The future research in this field can be carried out from the following three aspects. Firstly, studying the relationship between each persistent organic pollutant particle-phase concentration percentage and temperature by constructing appropriate regression model. The IADN collected concentrations of persistent organic pollutants in vapor and particle phases. Physical phenomena shows that matter changes from solid to gas as the temperature rises. Calculating the persistent organic pollutant particle phase percentage, that is P/($\text{P}+\text{V}$ ) (where P and V are the particle- and vapor-phase concentrations) and obtain the corresponding temperature. Taking temperature as independent variable and persistent organic pollutant particle phase percentage as dependent variable, an appropriate regression model can be tried to be established. The effect of temperature on the state change of POPs can be clearly understood. Secondly, studying the composition of POPs in the Great Lakes by constructing an appropriate classification model. POPs such as Poly-chlorinated Biphenyls (PCBs), Pesticides (PESTs), and Polycyclic Aromatic Hydrocarbons (PAHs) are composed of a variety of different molecular weight substances. The IADN website also recorded concentrations of these substances. We can calculate the proportion of the concentration of these substances and then determine the main components and secondary components of POPs by constructing a classification model.
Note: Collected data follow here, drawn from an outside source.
Definition arrival_ranks (s : seq nat) : seq nat :=
  mkseq (fun i => count (fun z => z < nth 0 s i) (take i s)) (size s).

Lemma size_arrival_ranks s : size (arrival_ranks s) = size s.
Proof. exact: size_mkseq. Qed.

Lemma arrival_ranks_rcons s x :
  arrival_ranks (rcons s x) = rcons (arrival_ranks s) (count (fun z => z < x) s).
Proof.
rewrite /arrival_ranks size_rcons mkseqS nth_rcons ltnn eqxx -[rcons s x]cats1 take_size_cat //.
congr rcons; apply/eq_in_map => i; rewrite mem_iota => /andP[_ lti].
by rewrite nth_cat lti takel_cat // ltnW.
Qed.

Lemma take_arrival_ranks i s : take i (arrival_ranks s) = arrival_ranks (take i s).
Proof.
rewrite /arrival_ranks /mkseq -map_take take_iota size_take_min.
apply/eq_in_map => j; rewrite mem_iota leq_min => /andP[_ /andP[ltji _]].
by rewrite nth_take // take_takel // ltnW.
Qed.

Lemma pattern_of_arrival_ranks s : uniq s -> pattern_of (arrival_ranks s) = relpat s.
Proof.
elim/last_ind: s => [|s x IHs] //; rewrite rcons_uniq => /andP[xNs uniq_s].
by rewrite arrival_ranks_rcons pattern_of_rcons IHs // relpat_rcons.
Qed.

Lemma rank_code_ok_rcons k t c :
  rank_code_ok k (rcons t c) = rank_code_ok k t && (c <= k + size t).
Proof.
elim: t k => [|c' t IHt] k /=; first by rewrite addn0 andbT.
by rewrite IHt addSnnS andbA.
Qed.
Finally, IoT system for environmental protection can be built to realize data real-time collection, upload-ing and sharing of research results, so as to realize information and digitization of environmental protecting and make environmental management more scientific and efficient.

ACKNOWLEDGMENT

The data for this work is downloaded from Indiana University’s IADN Data Viz website. The authors thank Dr. Yan Wu at Indiana University for useful discussions.